Amenity: parking, Count: 371
Amenity: school, Count: 158
Amenity: post_office, Count: 79
Amenity: toilets, Count: 79
Amenity: restaurant, Count: 65
Amenity: grave_yard, Count: 27
Amenity: fast_food, Count: 26
Amenity: hospital, Count: 25
Amenity: place_of_worship, Count: 22
Amenity: cafe, Count: 21
Amenity: fuel, Count: 19
Amenity: bank, Count: 14
Amenity: drinking_water, Count: 14
Amenity: fire_station, Count: 12
Amenity: pharmacy, Count: 10


##### What is the most eaten in Lake Tahoe
```
1. Burger
2. Mexican
3. Pizza
3. American
3. Sandwich
```

In [37]:
def make_pipeline():
    # complete the aggregation pipeline
    pipeline = [
         {"$match": {"point_info.cuisine": { "$ne": None }}}, 
         {"$unwind": "$point_info"},
         {"$group": {"_id" : "$point_info.cuisine", "count" : {"$sum": 1} }},
         {"$sort" : { "count" : -1 } }
        ]
    return pipeline

def aggregate(db, pipeline):
    return [doc for doc in db.tahoe.aggregate(pipeline)]
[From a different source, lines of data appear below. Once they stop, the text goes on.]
Lemma large_state_fibers eps k (eta : R) (T : finType) (f : state -> T) :
  meas mu setT = 1 -> 0 <= eta -> nonstate_mass eps k f < eps / 2 ->
  #|T|%:R * eta <= eps / 2 ->
  exists (N : nat) (S : 'I_N -> {set state}),
    (forall i j : 'I_N, i != j -> [disjoint S i & S j]) /\
    (forall i : 'I_N, is_state mu eps k (S i)) /\
    (forall i : 'I_N, eta <= meas mu (S i)) /\
    1 - eps <= \sum_(i < N) meas mu (S i).
Proof.
move=> mu_setT eta_ge0 small_nonstate small_eta.
set good := [set t | is_stateb eps k (fiber f t) && (eta <= meas mu (fiber f t))].
exists #|good|, (fun i => fiber f (enum_val i)); split.
  move=> i j; apply: contraNT; rewrite -setI_eq0 => /set0Pn [s].
  by rewrite !inE => /andP [/eqP -> /eqP /enum_val_inj ->].
split; first by move=> i; have := enum_valP i; rewrite inE => /andP [/is_stateP].
split; first by move=> i; have := enum_valP i; rewrite inE => /andP [].
have bad_le : \sum_(t | t \notin good) meas mu (fiber f t) <=
    nonstate_mass eps k f + #|T|%:R * eta.
  have -> : #|T|%:R * eta = \sum_(t : T) eta by rewrite sumr_const mulr_natl.
  rewrite /nonstate_mass big_mkcond [X in _ <= X + _]big_mkcond.
  rewrite -big_split /=; apply: ler_sum => t _; rewrite inE.
  have fib_ge0 := meas_ge0 (fiber f t).
  case: (is_stateb _ _ _) => /=; last by rewrite lerDl.
  by rewrite add0r; case: (leP eta (meas mu (fiber f t))) => // /ltW.
rewrite -(big_enum_val (fun t => meas mu (fiber f t))) /=.
have := sum_meas_fiber f; rewrite mu_setT (bigID (mem good)) /=.
by move: bad_le small_nonstate small_eta; lra.
Qed.

End Potential.

Unset Implicit Arguments.
Set Strict Implicit.

Theorem corollary2p2 (R : realType) (Omega : finType) :
  (0 < #|Omega|)%N ->
  forall (eps : R), 0 < eps ->
  forall k : nat, (2 <= k)%N ->
  exists eta : R, 0 < eta /\
    forall n : nat, 1 / eta < n%:R ->
    forall mu : {ffun {ffun 'I_n -> Omega} -> R}, is_prob mu ->
    exists (N : nat) (S : 'I_N -> {set {ffun 'I_n -> Omega}}),
      (forall i j : 'I_N, i != j -> [disjoint S i & S j]) /\
      (forall i : 'I_N, is_state mu eps k (S i)) /\
      (forall i : 'I_N, eta <= meas mu (S i)) /\
      1 - eps <= \sum_(i < N) meas mu (S i).
Proof.
move=> Omega_gt0 eps eps_gt0 k k_ge2; have k_gt0 : (0 < k)%N by apply: leq_trans k_ge2.
have gain_gt0 := step_gain_gt0 eps_gt0 k_gt0 Omega_gt0.
pose L := (Num.truncn (step_gain Omega eps k)^-1).+1.
have L_gain : 1 < L%:R * step_gain Omega eps k.
  by rewrite -ltr_pdivrMr // mul1r truncnS_gt.
pose B := ((#|Omega| ^ k) ^ L)%N.
have B_gt0 : 0 < B%:R :> R by rewrite ltr0n !expn_gt0 Omega_gt0.
exists (eps / (2 * B%:R)); split; first by rewrite divr_gt0 ?mulr_gt0.
move=> n n_large mu [mu_ge0 mu_sum1].
have n_gt0 : (0 < n)%N by rewrite -(ltr0n R) (lt_trans _ n_large) // mul1r invr_gt0 divr_gt0 ?mulr_gt0.
have [w0 _] := card_gt0P Omega_gt0.
have mu_setT : meas mu setT = 1 by rewrite -mu_sum1; apply: eq_bigl => s; rewrite inE.
have [T [f [card_T [small | large]]]] :=
  exists_refinement mu_ge0 w0 L eps_gt0 n_gt0 k_gt0 Omega_gt0; last first.
  by have := le_trans large (potential_le1 mu_ge0 f n_gt0 mu_setT); lra.
have eta_ge0 : 0 <= eps / (2 * B%:R) by rewrite divr_ge0 ?mulr_ge0 ?(ltW eps_gt0) ?(ltW B_gt0).
apply: (large_state_fibers mu_ge0 mu_setT eta_ge0 small).
have -> : eps / 2 = B%:R * (eps / (2 * B%:R)) by field; rewrite lt0r_neq0.
by rewrite ler_wpM2r // ler_nat.
Qed.
(* Lawson topology generated by the sets up k \ up l, k l in K(D):
   open sets are unions of finite intersections of generators *)
Definition lawson_basic (l : list (D * D)) (y : D) : Prop :=
  forall p, In p l -> le (fst p) y /\ ~ le (snd p) y.

Definition lawson_open (O : D -> Prop) : Prop :=
  forall x, O x -> exists l : list (D * D),
    (forall p, In p l -> compact (fst p) /\ compact (snd p)) /\
    lawson_basic l x /\ (forall y, lawson_basic l y -> O y).

Definition lawson_closed (U : D -> Prop) : Prop := lawson_open (fun x => ~ U x).

Definition upper_set (U : D -> Prop) : Prop := forall x y, U x -> le x y -> U y.

Definition mixed_pair : Type := ((D -> Prop) * (D -> Prop))%type.

Definition is_mixed (p : mixed_pair) : Prop :=
  scott_closed (fst p) /\ lawson_closed (snd p) /\ upper_set (snd p) /\
  forall x, fst p x <-> exists y, fst p y /\ snd p y /\ le x y.

Definition mixed_le (p q : mixed_pair) : Prop :=
  (forall x, fst p x -> fst q x) /\ (forall x, snd q x -> snd p x).

Definition mixed_eq (p q : mixed_pair) : Prop :=
  set_eq (fst p) (fst q) /\ set_eq (snd p) (snd q).

Definition scott_continuous (f : D -> D) : Prop :=
  (forall x y, le x y -> le (f x) (f y)) /\
  forall S s, directed S -> is_lub S s -> is_lub (fun y => exists x, S x /\ y = f x) (f s).

Definition scott_closure (A : D -> Prop) (x : D) : Prop :=
  forall C, scott_closed C -> (forall y, A y -> C y) -> C x.

Definition mixed_map (f : D -> D) (p : mixed_pair) : mixed_pair :=
  (scott_closure (fun y => exists x, fst p x /\ le y (f x)),
   fun y => exists x, snd p x /\ le (f x) y).

End Domains.
Lemma prefix_in_cons n bs L :
  [set w | prefix n w \in bs :: L] = [set w | prefix n w = bs] `|` [set w | prefix n w \in L].
Proof.
apply/seteqP; split => w /=; rewrite in_cons; first by case/orP => [/eqP|]; [left|right].
by case=> [->|->]; rewrite ?eqxx ?orbT.
Qed.

Lemma partial_gain_prefix c n w : partial_gain c n w = gain (mkseq c n) (prefix n w).
Proof.
rewrite /partial_gain seriesEnat /= /gain size_mkseq big_mkord; apply: eq_bigr => i _.
by rewrite nth_mkseq // (nth_map 0) ?size_iota // nth_iota.
Qed.

Lemma partial_gain_ge_prefix c n s :
  [set w | s <= partial_gain c n w] =
  [set w | prefix n w \in [seq bs <- bitseqs n | s <= gain (mkseq c n) bs]].
Proof.
apply/seteqP; split => w /=;
  by rewrite mem_filter mem_bitseqs size_prefix eqxx andbT partial_gain_prefix.
Qed.

End PartialGains.

Section StakeSequences.
Context {R : realType}.
Implicit Types (c u : nat -> R).

Lemma mulr_bool_le (x : R) (b : bool) : 0 <= x -> x * b%:R <= x.
Proof. by case: b; rewrite ?mulr1 ?mulr0. Qed.

Lemma ge0_series_nondecreasing u : (forall i, 0 <= u i) ->
  {homo series u : n m / (n <= m)%N >-> n <= m}.
Proof.
move=> u_ge0 n m le_nm; rewrite !seriesEnat /=.
exact: (nondecreasing_series (u_ := u) (P := xpredT)).
Qed.

Lemma stake_series_le1 c n : stake_seq c -> series c n <= 1.
Proof.
move=> [c_ge0 [_ c_cvg]]; rewrite -(cvg_lim (@Rhausdorff R) c_cvg).
exact/nondecreasing_cvgn_le/(cvgP _ c_cvg)/ge0_series_nondecreasing.
Qed.

Lemma stake_tail_lt c e : stake_seq c -> 0 < e -> exists N, 1 - series c N < e.
Proof.
move=> [_ [_ c_cvg]] e_gt0; have [N _ near_N] := (cvgrPdist_lt _ _).1 c_cvg _ e_gt0.
by exists N; apply: le_lt_trans (near_N N (leqnn N)); exact: ler_norm.
Qed.

Definition bold_play : nat -> R := fun i => (i == 0)%:R.

Lemma series_bold_play n : (0 < n)%N -> series bold_play n = 1.
Proof.
move=> n_gt0; rewrite seriesEnat /= big_ltn // big1_seq ?addr0 // => i.
by rewrite mem_index_iota; case: i.
Qed.

Lemma bold_play_stake : stake_seq bold_play.
Proof.
split; first by move=> i; rewrite ler0n.
split; first by move=> i; rewrite ler_nat; case: i.
by apply: cvg_near_cst; exists 1%N => // n /= /series_bold_play.
Qed.

Context {T : Type}.
Variable beta : nat -> T -> bool.
Implicit Types (w : T).

Lemma partial_gain_nondecreasing c : (forall i, 0 <= c i) -> forall w,
  {homo partial_gain beta c ^~ w : n m / (n <= m)%N >-> n <= m}.
Proof. by move=> c_ge0 w; apply: ge0_series_nondecreasing => i; rewrite mulr_ge0. Qed.

Lemma partial_gain_increment_le c w n m : (forall i, 0 <= c i) -> (n <= m)%N ->
  partial_gain beta c m w - partial_gain beta c n w <= series c m - series c n.
Proof.
move=> c_ge0 le_nm; rewrite !sub_series_geq //.
by apply: ler_sum => i _; apply: mulr_bool_le.
Qed.

Lemma partial_gain_cvg c w : stake_seq c -> cvgn (partial_gain beta c ^~ w).
Proof.
move=> c_stake; have [c_ge0 _] := c_stake.
apply: nondecreasing_is_cvgn; first exact: partial_gain_nondecreasing.
exists 1 => _ [n _ <-]; apply: le_trans (stake_series_le1 c n c_stake).
rewrite /partial_gain !seriesEnat /=.
by apply: ler_sum => i _; apply: mulr_bool_le.
Qed.

Lemma S_gamma_le_partial_gain c w n : stake_seq c ->
  S_gamma beta c w <= partial_gain beta c n w + (1 - series c n).
Proof.
move=> c_stake; have [c_ge0 _] := c_stake.
apply: limr_le; first exact: partial_gain_cvg.
apply: nearW => m; rewrite -/(partial_gain beta c m w); have [le_nm|lt_mn] := leqP n m.
  have := partial_gain_increment_le c w n m c_ge0 le_nm.
  by have := stake_series_le1 c m c_stake; lra.
have := partial_gain_nondecreasing c c_ge0 w m n (ltnW lt_mn).
by have := stake_series_le1 c n c_stake; lra.
Qed.

Lemma S_gamma_bold_play w : S_gamma beta bold_play w = (beta 0%N w)%:R.
Proof.
apply: (lim_near_cst (@Rhausdorff R)); exists 1%N => // n /= n_gt0.
rewrite seriesEnat /= big_ltn // big1_seq ?addr0 ?mul1r // => i.
by rewrite mem_index_iota; case: i => // i _; rewrite mul0r.
Qed.

End StakeSequences.

Section IidBernoulli.
Context {R : realType} {d : measure_display} {T : measurableType d}.
Variables (P : probability T R) (p : R) (beta : nat -> T -> bool).
Hypothesis iid : iid_bernoulli P p beta.

Let beta_false i : [set w | beta i w = false] = ~` [set w | beta i w].
Proof. by apply/seteqP; split => w /=; case: (beta i w). Qed.

Lemma measurable_beta_eq i b : measurable [set w | beta i w = b].
Proof.
have [beta_meas _] := iid; case: b; first exact: beta_meas.
by rewrite beta_false; apply/measurableC/beta_meas.
Qed.

Lemma prob_beta_eq i b : P [set w | beta i w = b] = (if b then p else 1 - p)%:E.
Proof.
have [beta_meas [beta_prob _]] := iid; case: b; first exact: beta_prob.
by rewrite beta_false probability_setC // beta_prob.
Qed.

Lemma measurable_prefix_eq n bs : measurable [set w | prefix beta n w = bs].
Proof.
have [size_bs|size_bs] := eqVneq (size bs) n.
  by rewrite prefix_eq_bigcap //; apply: bigcap_measurableType => i _; exact: measurable_beta_eq.
rewrite (_ : [set w | _] = set0) //; apply/seteqP; split => w //= prefix_w.
by move: size_bs; rewrite -prefix_w size_prefix eqxx.
Qed.

Lemma prob_prefix_eq n bs : size bs = n ->
  P [set w | prefix beta n w = bs] = (bernoulli_weight p bs)%:E.
Proof.
have [_ [_ beta_indep]] := iid; move=> size_bs.
rewrite prefix_eq_bigcap // beta_indep ?iota_uniq //.
under eq_bigr => i _ do rewrite prob_beta_eq.
by rewrite prodEFin /bernoulli_weight -{2}(mkseq_nth false bs) /mkseq big_map size_bs.
Qed.

Lemma measurable_prefix_in n (L : seq bitseq) : measurable [set w | prefix beta n w \in L].
Proof.
elim: L => [|bs L IHL]; first by rewrite (_ : [set w | _] = set0) //; apply/seteqP; split.
by rewrite prefix_in_cons; apply: measurableU => //; exact: measurable_prefix_eq.
Qed.

Lemma prob_prefix_in n (L : seq bitseq) : uniq L -> all (fun bs => size bs == n) L ->
  P [set w | prefix beta n w \in L] = (\sum_(bs <- L) bernoulli_weight p bs)%:E.
Proof.
elim: L => [|bs L IHL].
  by rewrite big_nil (_ : [set w | _] = set0) ?measure0 //; apply/seteqP; split.
move=> /= /andP[bs_notin uniq_L] /andP[/eqP size_bs all_L].
rewrite prefix_in_cons big_cons EFinD -(prob_prefix_eq _ _ size_bs) -IHL //; apply: measureU.
- exact: measurable_prefix_eq.
- exact: measurable_prefix_in.
by apply/seteqP; split => w //= [-> bs_in]; rewrite bs_in in bs_notin.
Qed.

Lemma measurable_partial_gain_ge (c : nat -> R) n s :
  measurable [set w | s <= partial_gain beta c n w].
Proof. by rewrite partial_gain_ge_prefix; exact: measurable_prefix_in. Qed.
Lemma ccont_affine (A l z : C) : ccont (fun w => A + l * w)%C z.
Proof.
  intros eps He. exists (eps / (Cmod l + 1)). split.
  { apply Rdiv_lt_0_compat; auto. pose proof (Cmod_ge_0 l); lra. }
  intros w Hw. replace (A + l * w - (A + l * z))%C with (l * (w - z))%C by ring.
  rewrite Cmod_mult. pose proof (Cmod_ge_0 l). pose proof (Cmod_ge_0 (w - z)).
  apply Rmult_lt_compat_r with (r := Cmod l + 1) in Hw; [|lra].
  unfold Rdiv in Hw. rewrite Rmult_assoc, Rinv_l in Hw by lra. nra.
Qed.

Lemma ccont_const (K z : C) : ccont (fun _ => K) z.
Proof.
  intros eps He. exists 1. split; [lra|]. intros w _.
  replace (K - K)%C with (RtoC 0) by ring. rewrite Cmod_0. lra.
Qed.

Lemma is_cderiv_quadratic (A l z : C) :
  is_cderiv (fun w => A * w + l * w * w / 2)%C z (A + l * z)%C.
Proof.
  assert (H2 : RtoC 2 <> 0%C) by (intros H; injection H; lra).
  intros eps He. exists (2 * eps / (Cmod l + 1)). split.
  { apply Rdiv_lt_0_compat; [lra|]. pose proof (Cmod_ge_0 l); lra. }
  intros w Hw.
  replace (A * w + l * w * w / 2 - (A * z + l * z * z / 2) - (A + l * z) * (w - z))%C
    with (l / 2 * ((w - z) * (w - z)))%C by (field; exact H2).
  rewrite !Cmod_mult, Cmod_div, Cmod_R, Rabs_right by (exact H2 || lra).
  pose proof (Cmod_ge_0 l). pose proof (Cmod_ge_0 (w - z)).
  assert (Cmod l * Cmod (w - z) <= 2 * eps).
  { apply Rlt_le in Hw. apply Rmult_le_compat_r with (r := Cmod l + 1) in Hw; [|lra].
    unfold Rdiv in Hw. rewrite Rmult_assoc, Rinv_l in Hw by lra. nra. }
  unfold Rdiv. nra.
Qed.

Lemma is_rderiv_rcont (g : R -> C) (t : R) (d : C) : is_rderiv g t d -> rcont g t.
Proof.
  intros H eps He. destruct (H 1 Rlt_0_1) as [del [Hdel Hh]].
  exists (Rmin del (eps / (Cmod d + 2))). split.
  { apply Rmin_pos; auto. apply Rdiv_lt_0_compat; auto. pose proof (Cmod_ge_0 d); lra. }
  intros s Hs.
  assert (H1 : Rabs (s - t) < del) by (eapply Rlt_le_trans; [exact Hs|apply Rmin_l]).
  assert (H2 : Rabs (s - t) < eps / (Cmod d + 2)) by (eapply Rlt_le_trans; [exact Hs|apply Rmin_r]).
  specialize (Hh (s - t) H1). replace (t + (s - t)) with s in Hh by ring.
  replace (g s - g t)%C with ((g s - g t - RtoC (s - t) * d) + RtoC (s - t) * d)%C by ring.
  eapply Rle_lt_trans; [apply Cmod_triangle|]. rewrite Cmod_RtoC_mult.
  pose proof (Cmod_ge_0 d). pose proof (Rabs_pos (s - t)).
  apply Rmult_lt_compat_r with (r := Cmod d + 2) in H2; [|lra].
  unfold Rdiv in H2. rewrite Rmult_assoc, Rinv_l in H2 by lra. nra.
Qed.

Lemma rcont_comp (F : C -> C) (g : R -> C) (t : R) : ccont F (g t) -> rcont g t -> rcont (fun s => F (g s)) t.
Proof.
  intros HF Hg eps He. destruct (HF eps He) as [d1 [Hd1 H1]].
  destruct (Hg d1 Hd1) as [d2 [Hd2 H2]]. exists d2. split; auto.
Qed.

Lemma rcont_plus (f g : R -> C) (t : R) : rcont f t -> rcont g t -> rcont (fun s => f s + g s)%C t.
Proof.
  intros Hf Hg eps He.
  destruct (Hf (eps / 2)) as [d1 [Hd1 H1]]; [lra|].
  destruct (Hg (eps / 2)) as [d2 [Hd2 H2]]; [lra|].
  exists (Rmin d1 d2). split; [apply Rmin_pos; auto|].
  intros s Hs.
  assert (Hs1 : Rabs (s - t) < d1) by (eapply Rlt_le_trans; [exact Hs|apply Rmin_l]).
  assert (Hs2 : Rabs (s - t) < d2) by (eapply Rlt_le_trans; [exact Hs|apply Rmin_r]).
  specialize (H1 s Hs1). specialize (H2 s Hs2).
  replace (f s + g s - (f t + g t))%C with ((f s - f t) + (g s - g t))%C by ring.
  eapply Rle_lt_trans; [apply Cmod_triangle|]. lra.
Qed.
Lemma DV_comp_le (g : R -> R) V x v (d y : R) : 0 <= d ->
  locally_lipschitz V -> (forall w, 0 <= V w) -> slope_le_on_nneg g (V x) d ->
  (DV V x v <= y%:E)%E -> (DV (fun w => g (V w)) x v <= (d * y)%:E)%E.
Proof.
move=> d0 Vlip V0 gslope /limf_esup_leP Vy; apply/limf_esup_leP => e e0.
have [B B0 VB] := lipschitz_along_ray x v Vlip.
set e1 := e / (2 * (d + 1)); set eta := e / (2 * (B + 1)).
have e10 : 0 < e1 by rewrite divr_gt0// mulr_gt0// ltr_pwDr.
have eta0 : 0 < eta by rewrite divr_gt0// mulr_gt0// ltr_pwDr.
have de1 : d * e1 <= e / 2.
  by rewrite /e1 mulrA ler_pdivrMr ?mulr_gt0 ?ltr_pwDr//; nra.
have etaB : eta * B <= e / 2.
  by rewrite /eta mulrAC ler_pdivrMr ?mulr_gt0 ?ltr_pwDr//; nra.
have /nbhs_ballP[del /= del0 gdel] := gslope eta eta0.
near=> h.
have h0 : 0 < h by near: h; exact: nbhs_right_gt.
have VBh : `|V (x + h *: v) - V x| <= B * h by near: h.
have qy : (V (x + h *: v) - V x) / h <= y + e1 by near: h; exact: Vy.
have Bdel : B * h < del.
  have hdel : h < del / (B + 1).
    by near: h; apply: nbhs_right_lt; rewrite divr_gt0// ltr_pwDr.
  by move: hdel; rewrite ltr_pdivlMr ?ltr_pwDr//; nra.
have := gdel (V (x + h *: v)) _ (V0 _).
rewrite /ball/= distrC => /(_ (le_lt_trans VBh Bdel)) gz.
move: qy; rewrite ler_pdivrMr// => zy.
rewrite ler_pdivrMr//.
have := ler_wpM2l d0 zy; have := ler_wpM2l (ltW eta0) VBh.
have := ler_wpM2r (ltW h0) de1; have := ler_wpM2r (ltW h0) etaB.
lra.
Unshelve. all: by end_near. Qed.

End dini_chain_rule.

Lemma locally_lipschitz_comp {R : realType} {n : nat} (g : R -> R) (V : 'rV[R]_n -> R) :
  (forall K, exists2 L, 0 <= L & forall a b, 0 <= a <= K -> 0 <= b <= K ->
     `|g a - g b| <= L * `|a - b|) ->
  (forall w, 0 <= V w) -> locally_lipschitz V -> locally_lipschitz (fun w => g (V w)).
Proof.
move=> glip V0 Vlip x; have [d d0 [L VL]] := Vlip x.
have xx : enorm (x - x) < d by rewrite subrr enorm0.
have Vbd w : enorm (w - x) < d -> V w <= V x + `|L| * d.
  move=> wx; have := VL w x wx xx; have := ler_norm (V w - V x).
  have : L * enorm (w - x) <= `|L| * d.
    apply: le_trans (ler_wpM2r (sqrtr_ge0 _) (ler_norm L)) _.
    by apply: ler_wpM2l; [exact: normr_ge0|exact: ltW].
  lra.
have [Lg Lg0 gL] := glip (V x + `|L| * d).
exists d => //; exists (Lg * L) => y z yx zx.
apply: le_trans (gL _ _ _ _) _; rewrite ?V0 ?Vbd//.
by rewrite -mulrA ler_wpM2l ?VL.
Qed.

Definition powsum {R : realType} {N : nat} (c r : 'I_N -> R) (s : R) : R :=
  \sum_(i < N) c i * s `^ r i.

Definition dpowsum {R : realType} {N : nat} (c r : 'I_N -> R) (s : R) : R :=
  \sum_(i < N) c i * (r i * s `^ (r i - 1)).
(* Let $\mathcal{M} = (S, A, T, D, R, \gamma)$ be a Markov decision process with finite state set $S$, finite action set $A$, transition probabilities $T_{s,a}(s')$, initial-state distribution $D$, discount factor $\gamma \in (0,1)$, and reward $R(s) = \langle w^*, \phi(s)\rangle$ for a feature map $\phi\colon S \to \mathbb{R}^k$ and a unit vector $w^* \in \mathbb{R}^k$. Let $A^L\colon \mathbb{R}^k \to \mathbb{R}^\ell$ be a linear map (the learner's worldview), and let $\pi^T, \pi^L$ be two policies. Suppose that $\Vert A^L(\mu(\pi^T) - \mu(\pi^L))\Vert < \varepsilon$. Then \[ \vert \langle w^*, \mu(\pi^T) - \mu(\pi^L)\rangle \vert < \frac{\varepsilon}{\sigma(A^L)} + \rho(A^L; w^* ) \cdot \operatorname{diam} \mu(\Pi), \] where $\sigma(A^L) = \min_{v \perp \ker A^L,\ \Vert v \Vert = 1} \Vert A^L v\Vert$.
   Context: A policy $\pi$ is a family of probability distributions $\pi_s$ on $A$ indexed by $s \in S$; $\Pi$ denotes the set of all policies. For a policy $\pi$, $\mu(\pi) = \mathbb{E}\left(\sum_{t=0}^\infty \gamma^t \phi(s_t)\right) \in \mathbb{R}^k$ is its vector of discounted feature expectations, the expectation taken over trajectories $(s_0, s_1, \dots)$ with $s_0 \sim D$, actions drawn from $\pi$ and transitions from $T$. $\operatorname{diam}\mu(\Pi) = \sup_{\mu_0,\mu_1 \in \mu(\Pi)} \Vert \mu_0 - \mu_1\Vert$, with $\Vert\cdot\Vert$ the Euclidean norm. $\ker A^L = \{v \in \mathbb{R}^k : A^L v = 0\}$. The teaching risk is $\rho(A^L; w^* ) := \max_{v \in \ker A^L,\ \Vert v \Vert \le 1} \langle w^*, v\rangle$ (equivalently, the norm of the orthogonal projection of $w^*$ onto $\ker A^L$). *)

From HB Require Import structures.
From mathcomp Require Import all_boot all_order all_algebra.
From mathcomp Require Import all_classical all_reals.
From mathcomp Require Import topology normedtype sequences.
Set Implicit Arguments. Unset Strict Implicit. Unset Printing Implicit Defensive.
Import Order.TTheory GRing.Theory Num.Theory numFieldNormedType.Exports.
Local Open Scope ring_scope.
Local Open Scope classical_set_scope.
pipeline = make_pipeline()
result = aggregate(db, pipeline)

for r in result:
    print 'Cuisine: {0}, Count: {1}'.format(r['_id'],r['count'])

Cuisine: burger, Count: 8
Cuisine: mexican, Count: 7
Cuisine: pizza, Count: 5
Cuisine: american, Count: 5
Cuisine: sandwich, Count: 5
Cuisine: coffee_shop, Count: 4
Cuisine: chicken, Count: 3
Cuisine: thai, Count: 3
Cuisine: sushi, Count: 2
Cuisine: italian, Count: 2
Cuisine: regional, Count: 2
Cuisine: german, Count: 1
Cuisine: Hawaiian, Count: 1
Cuisine: chinese, Count: 1
Cuisine: asian, Count: 1


#### Some trick I learned from above

- Substring; pick up year from timestamp
```
"year":{"$substr": [ "$created.timestamp", 0, 4 ]}}
```

- Group with Nested element
```
 {"$unwind": "$point_info"},
 {"$group": {"_id" : "$point_info.amenity", "count" : {"$sum": 1} }}
```

- Multiple sort key
```
{"$sort" : { "year" : -1, "count" : -1} }
```

### Conclusion

In "Detail of contribution by user and year" section, I planned to get the most contributed user in each year. But I couldn't figure out the way to sort and limit in each year.  
MongoDB is still not handy for me, however, we don't need to transform json format to save in database, this feature is quite attractive.